3.1 EEG Time-Frequency: The Basics

EEG signals are rhythmic from the neural oscillations of neural populations in various regions of the brain firing in sync. Oscillations can be characterized by their frequency, their power (strength), and their phase (the angle a sine wave crosses the zero point of the power axis). There are some common frequencies seen in the brain which are broadly separated into named bands by their frequency:

  • Sub-Delta: Below 2 Hz
  • Delta: 2-4 Hz
  • Theta: 4-8 Hz
  • Alpha: 8-12 Hz
  • Beta: 15-30 Hz
  • Lower Gamma: 30-80 Hz
  • Upper Gamma: 80-150 Hz
  • Omega: 150-600 Hz

Note these aren't rock solid definitions, you may see some deviance on what frequency goes to what band. Generally, cognitive activity occurs within 2-150 Hz. Changes in one's neural-oscillation activity can be correlated with change in cognitive state.

There are compromises with time-freq analysis when it comes to temporal resolution or better precision. The wider the band of time allocated to the analysis, the more accurate / more frequencies the analysis can pick up, but the less temporally accurate it will be.

Background brain activity also contributes to EEG data, not just the data you are searching for. Baseline normalization can reduce this.

There is also a distinction between phase locked activity and non-phase locked activity, where phase locked activity has similar signal phase between trials, non-phase locked activity will have different phases between trials, even with time-tacked trial events. ERPs are an example of phase locked activity.

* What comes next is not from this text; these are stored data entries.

(* The coefficient of x^m in Mhat_(a;b) is a sum, over the placements
   0 < i_1 < ... < i_n of the parts of a into m, of the polynomial weights
   i_1^b_1 ... i_n^b_n.  Shifting the variables by k and inducting on a, the
   first part sits at i_1 = k + t + 1, where m starts with t zeros.  Expanding
   a polynomial weight as P(k + t + 1) = sum_r Q_r(k) C(t, r) and reading
   C(t, r) as the number of ways of putting r zero parts among these t leading
   zeros turns every weighted count into a combination of the M_(0^r a_1 c)
   with coefficients polynomial in k; at k = 0 this writes Mhat_(a;b) as a
   rational combination of M_c with c left weak compositions.  Conversely
   M_a = Mhat_(a;0). *)

(* The monomial m is read on the variables x_(k+1), x_(k+2), ...: placements
   m a k lists the index sequences k < i_1 < ... < i_n with
   x_(i_1)^a_1 ... x_(i_n)^a_n = x^m shifted by k (see mem_placements). *)
Fixpoint placements (m a : seq nat) (k : nat) : seq (seq nat) :=
  match m with
  | [::] => if a is [::] then [:: [::]] else [::]
  | m0 :: m' =>
      (if a is a0 :: a' then
         if m0 == a0 then map (cons k.+1) (placements m' a' k.+1) else [::]
       else [::])
      ++ (if m0 == 0 then placements m' a k.+1 else [::])
  end.

Definition exponent_at (a x : seq nat) (i : nat) : nat :=
  \sum_(j < size a) (if nth 0 x j == i then nth 0 a j else 0).

Definition is_placement (m a : seq nat) (k : nat) (x : seq nat) : bool :=
  [&& size x == size a, path ltn k x, all (fun i => i <= k + size m) x &
      m == map (exponent_at a x) (iota k.+1 (size m))].

Lemma exponent_at_cons a0 a x0 x i :
  exponent_at (a0 :: a) (x0 :: x) i = (if x0 == i then a0 else 0) + exponent_at a x i.
Proof. by rewrite /exponent_at big_ord_recl. Qed.

Lemma exponent_at_below a x k i : 0 < i <= k -> path ltn k x -> exponent_at a x i = 0.
Proof.
case/andP=> i_gt0 le_ik; rewrite (path_sortedE ltn_trans) => /andP[/allP x_gtk _].
rewrite /exponent_at big1 // => j _; case: (ltnP j (size x)) => [lt_jx | ge_jx].
  by rewrite gtn_eqF // (leq_ltn_trans le_ik) // x_gtk // mem_nth.
by rewrite nth_default // eq_sym gtn_eqF.
Qed.

Lemma is_placement_nil a k x : is_placement [::] a k x = (x == [::]) && (a == [::]).
Proof.
rewrite /is_placement /= addn0 eqxx andbT.
case: x => [|x0 x] /=; first by rewrite andbT eq_sym size_eq0.
by case: ltnP; rewrite ?andbF.
Qed.

Lemma is_placement_cons_skip m0 m a k x :
  head 0 x != k.+1 ->
  is_placement (m0 :: m) a k x = (m0 == 0) && is_placement m a k.+1 x.
Proof.
move=> x0_neq; rewrite /is_placement /= addnS -addSn eqseq_cons.
have path_x : path ltn k x = path ltn k.+1 x.
  by case: x x0_neq => //= x0 x /negbTE x0_neq; rewrite [k < x0]leq_eqVlt eq_sym x0_neq.
rewrite path_x; case px: (path ltn k.+1 x); rewrite ?andbF //=.
rewrite (@exponent_at_below _ _ k.+1 k.+1) ?leqnn //.
by case: (m0 == 0); rewrite ?andbF.
Qed.

Lemma is_placement_cons_first m0 m a0 a k x :
  is_placement (m0 :: m) (a0 :: a) k (k.+1 :: x) =
  (m0 == a0) && is_placement m a k.+1 x.
Proof.
rewrite /is_placement /= addnS -addSn eqseq_cons ltnSn eqSS exponent_at_cons eqxx leq_addr.
case px: (path ltn k.+1 x); rewrite ?andbF //=.
rewrite (@exponent_at_below _ _ k.+1 k.+1) ?leqnn // addn0.
have -> : map (exponent_at (a0 :: a) (k.+1 :: x)) (iota k.+2 (size m)) =
          map (exponent_at a x) (iota k.+2 (size m)).
  apply/eq_in_map => i; rewrite mem_iota exponent_at_cons => /andP[lt_ki _].
  by rewrite ltn_eqF.
by case: (m0 == a0); rewrite ?andbF.
Qed.

Lemma mem_placements m a k x : (x \in placements m a k) = is_placement m a k x.
Proof.
elim: m a k x => [|m0 m IHm] a k x.
  by rewrite is_placement_nil; case: a => [|a0 a]; rewrite ?inE ?andbF ?andbT.
rewrite /= mem_cat.
have -> : (x \in if m0 == 0 then placements m a k.+1 else [::]) =
          (m0 == 0) && is_placement m a k.+1 x.
  by case: eqP => _; rewrite ?IHm.
have [x_first | x_skip] := eqVneq (head 0 x) k.+1; last first.
  rewrite is_placement_cons_skip // orb_idl //.
  case: a => [|a0 a]; case: eqP => // _ /mapP[y _ x_def].
  by rewrite x_def /= eqxx in x_skip.
case: x x_first => [|x0 x] //= ->.
have -> : is_placement m a k.+1 (k.+1 :: x) = false by rewrite /is_placement /= ltnn andbF.
rewrite andbF orbF; case: a => [|a0 a]; first by rewrite /is_placement.
rewrite is_placement_cons_first; case: eqP => _ //=.
by rewrite mem_map ?IHm //; move=> ? ? [].
Qed.

Lemma uniq_placements m a k : uniq (placements m a k).
Proof.
elim: m a k => [|m0 m IHm] a k; first by case: a.
rewrite /= cat_uniq; apply/and3P; split.
- case: a => [|a0 a] //; case: eqP => _ //.
  by rewrite map_inj_uniq // => ? ? [].
- apply/hasPn => x; case: eqP => _ //; rewrite mem_placements => /and3P[_ path_x _].
  case: a => [|a0 a] //; case: eqP => _ //; apply/mapP => -[y _ x_def].
  by rewrite x_def /= ltnn in path_x.
- by case: eqP.
Qed.

Section Positions.

Variables (n N : nat).

Definition positions (s : {ffun 'I_n -> 'I_N}) : seq nat := [seq nat_of_ord (s j) | j <- enum 'I_n].

Lemma size_positions s : size (positions s) = n.
Proof. by rewrite size_map size_enum_ord. Qed.

Lemma nth_positions s (j : 'I_n) : nth 0 (positions s) j = s j.
Proof. by rewrite (nth_map j) ?size_enum_ord // nth_ord_enum. Qed.

Lemma positions_inj : injective positions.
Proof. by move=> s1 s2 eq_s; apply/ffunP => j; apply: val_inj; rewrite /= -!nth_positions eq_s. Qed.

End Positions.

Lemma exponent_at_positions (a m : seq nat) (s : {ffun 'I_(size a) -> 'I_(size m).+1}) i :
  exponent_at a (positions s) i = \sum_(j | s j == i :> nat) nth 0 a j.
Proof. by rewrite /exponent_at [RHS]big_mkcond; apply: eq_bigr => j _; rewrite nth_positions. Qed.

Lemma matching_placement (a m : seq nat) (s : {ffun 'I_(size a) -> 'I_(size m).+1}) :
  matching s = is_placement m a 0 (positions s).
Proof.
rewrite /matching /is_placement size_positions eqxx /=.
have -> : all (fun i => i <= size m) (positions s).
  by apply/allP => _ /mapP[j _ ->]; rewrite -ltnS.
rewrite andTb (path_sortedE ltn_trans) (sorted_pairwise ltn_trans) -andbA.
congr [&& _, _ & _].
- apply/forallP/allP => [s_gt0 _ /mapP[j _ ->] | pos_gt0 j]; first exact: s_gt0.
  by apply: pos_gt0; apply: map_f; rewrite mem_enum.
- apply/forallP/(pairwiseP 0) => [s_incr i j | pos_incr j1].
    rewrite !inE size_positions => lt_i lt_j lt_ij.
    have /forallP/(_ (Ordinal lt_j))/implyP/(_ lt_ij) := s_incr (Ordinal lt_i).
    by rewrite -(nth_positions s (Ordinal lt_i)) -(nth_positions s (Ordinal lt_j)).
  apply/forallP => j2; apply/implyP => lt_j12.
  by rewrite -!nth_positions pos_incr ?inE ?size_positions.
- apply/forallP/eqP => [m_exp | m_def i].
    apply: (@eq_from_nth _ 0); rewrite ?size_map ?size_iota // => i lt_im.
    rewrite (nth_map 0) ?size_iota // nth_iota // add1n exponent_at_positions.
    have /implyP/(_ isT) := m_exp (Ordinal (lt_im : i.+1 < (size m).+1)).
    by rewrite /mexp => /eqP.
  apply/implyP => i_gt0; have lt_im : i.-1 < size m by rewrite -ltnS prednK.
  have -> : mexp m i = exponent_at a (positions s) i.
    by rewrite /mexp {1}m_def (nth_map 0) ?size_iota // nth_iota // add1n prednK.
  by rewrite exponent_at_positions.
Qed.

Lemma sum_matching (R : nmodType) (a m : seq nat) (W : seq nat -> R) :
  (\sum_(s : {ffun 'I_(size a) -> 'I_(size m).+1} | matching s) W (positions s))%R =
  (\sum_(x <- placements m a 0) W x)%R.
Proof.
rewrite -big_filter -(big_map (@positions _ _) xpredT W).
apply: perm_big; apply: uniq_perm.
- by rewrite map_inj_uniq ?filter_uniq ?index_enum_uniq //; exact: positions_inj.
- exact: uniq_placements.
move=> x; rewrite mem_placements; apply/mapP/idP => [[s] | x_pl].
  by rewrite mem_filter => /andP[s_match _] ->; rewrite -matching_placement.
case/and4P: (x_pl) => /eqP size_x _ /allP x_le _.
pose s := [ffun j : 'I_(size a) => inord (nth 0 x j) : 'I_(size m).+1].
have pos_s : positions s = x.
  apply: (@eq_from_nth _ 0) => [|i]; rewrite size_positions ?size_x // => lt_ia.
  rewrite (nth_positions s (Ordinal lt_ia)) ffunE inordK // ltnS.
  by apply: x_le; rewrite mem_nth ?size_x.
by exists s; rewrite // mem_filter mem_index_enum andbT matching_placement pos_s.
Qed.

Local Open Scope ring_scope.

Definition weight (w : nat -> {poly rat}) (x : seq nat) : rat :=
  \prod_(j < size x) (w j).[(nth 0%N x j)%:R].

Definition wcount (a : seq nat) (w : nat -> {poly rat}) (m : seq nat) (k : nat) : rat :=
  \sum_(x <- placements m a k) weight w x.

Fixpoint Mrec (c m : seq nat) {struct m} : rat :=
  match m with
  | [::] => (c == [::])%:R
  | m0 :: m' => (if c is c0 :: c' then (m0 == c0)%:R * Mrec c' m' else 0)
                + (m0 == 0%N)%:R * Mrec c m'
  end.

Lemma weight_cons w x0 x : weight w (x0 :: x) = (w 0%N).[x0%:R] * weight (fun j => w j.+1) x.
Proof. by rewrite /weight big_ord_recl. Qed.

Lemma wcount_nil a w k : wcount a w [::] k = (a == [::])%:R.
Proof. by case: a => [|a0 a]; rewrite /wcount /= ?big_nil // big_seq1 /weight big_ord0. Qed.

Lemma wcount_cons a w m0 m k :
  wcount a w (m0 :: m) k =
  (if a is a0 :: a' then (m0 == a0)%:R * ((w 0%N).[k.+1%:R] * wcount a' (fun j => w j.+1) m k.+1)
   else 0)
  + (m0 == 0%N)%:R * wcount a w m k.+1.
Proof.
rewrite /wcount /= big_cat; congr (_ + _).
  case: a => [|a0 a]; first by rewrite big_nil.
  case: eqP => _; last by rewrite big_nil mul0r.
  by rewrite big_map mul1r mulr_sumr; under eq_bigr do rewrite weight_cons.
by case: eqP => _; rewrite ?big_nil ?mul0r ?mul1r.
Qed.

Lemma wcount_unweighted c m k : wcount c (fun=> 1) m k = Mrec c m.
Proof.
elim: m c k => [|m0 m IHm] c k; first by rewrite wcount_nil.
rewrite wcount_cons /= IHm; case: c => [|c0 c] //.
by rewrite IHm hornerC mul1r.
Qed.

Lemma wcount_no_parts w m k : wcount [::] w m k = Mrec [::] m.
Proof. by elim: m k => [|m0 m IHm] k; rewrite ?wcount_nil // wcount_cons IHm. Qed.

Definition zeros_then (t a0 : nat) (m : seq nat) : rat :=
  (all (pred1 0%N) (take t m) && (nth 0%N m t == a0))%:R.

Lemma zeros_then0 a0 m0 m : zeros_then 0%N a0 (m0 :: m) = (m0 == a0)%:R.
Proof. by []. Qed.

Lemma zeros_thenS t a0 m0 m : zeros_then t.+1 a0 (m0 :: m) = (m0 == 0%N)%:R * zeros_then t a0 m.
Proof. by rewrite /zeros_then /=; case: (m0 == 0%N); rewrite ?mul1r ?mul0r. Qed.

Lemma wcount_first_part a0 a w m k :
  wcount (a0 :: a) w m k =
  \sum_(t < size m) zeros_then t a0 m *
     ((w 0%N).[(k + t)%N.+1%:R] * wcount a (fun j => w j.+1) (drop t.+1 m) (k + t)%N.+1).
Proof.
elim: m k => [|m0 m IHm] k; first by rewrite wcount_nil big_ord0.
rewrite wcount_cons big_ord_recl zeros_then0 addn0 /= drop0; congr (_ + _).
rewrite IHm mulr_sumr; apply: eq_bigr => t _.
by rewrite zeros_thenS /bump /= add1n addnS -addSn mulrA.
Qed.

Lemma Mrec_cons c m0 m :
  Mrec c (m0 :: m) =
  (if c is c0 :: c' then (m0 == c0)%:R * Mrec c' m else 0) + (m0 == 0%N)%:R * Mrec c m.
Proof. by []. Qed.

(* 'C(t, r) counts the ways to place the r leading zero parts among the t
   leading zeros of m. *)
Lemma Mrec_zeros_cons r a0 c m :
  Mrec (nseq r 0%N ++ a0 :: c) m =
  \sum_(t < size m) zeros_then t a0 m * ('C(t, r)%:R * Mrec c (drop t.+1 m)).
Proof.
elim: m r => [|m0 m IHm] r; first by case: r => [|r]; rewrite /= big_ord0.
rewrite big_ord_recl -/(size m) zeros_then0 Mrec_cons.
under eq_bigr => t _ do rewrite lift0 zeros_thenS -mulrA.
rewrite -mulr_sumr; case: r => [|r] /=; rewrite drop0.
  rewrite bin0 mul1r (IHm 0%N).
  by congr (_ + _ * _); apply: eq_bigr => t _; rewrite !bin0.
rewrite bin0n mul0r mulr0 add0r -mulrDr (IHm r) (IHm r.+1); congr (_ * _).
under [RHS]eq_bigr => t _ do rewrite binS natrD mulrDl mulrDr.
by rewrite big_split addrC.
Qed.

3.2 Ways to View Time-Frequency Results

Time-Frequency results can be imagined as a 3D cube, with the dimensions representing frequency, space (electrode location), and time. Slicing this cube as flat sections results in various graphs that one can use to interpret data.

image.png

3.3 tfviewerx and erpviewerx

These are the names of small utilities the author wrote in MATLAB to visualize this data in this format. They can be found on this Textbooks github repository.

3.4 How to View and Interpret Time-Frequency Results

General process to understand these plots:

  • Check Plot Axis and Labels
  • Check the results
  • Think how do these results correlate with what the experiment was trying to test
    • check for experiment events
  • What statistical analysis was done on the graph? Any smoothing, thresholding?
3.5 Things to be suspicious of When Viewing TIme-Frequency Results
  • Stripes / filter "ripple"
    • filters may be too narrow / not enough data included
  • Sudden massive Spike
    • noise spike, possible bad electrode
      • even one trial like this can seriously skew results
  • Broad EMG noise
    • EEG cap moved, muscle activity
  • Impossibly fast color changes
    • possibly bugged code
  • Many peaks in a  topographical map:
    • possibly incorrectly placed electrodes'

image.png

3.6 Do Results in Time-Frequency Plots Mean That There Were Neural Oscillations

This is a complicated question. Since EEG measures populations of neurons, which oscillate, in makes sense if EEG data reflects that. However, Technically any signal can be decomposed into sine waves.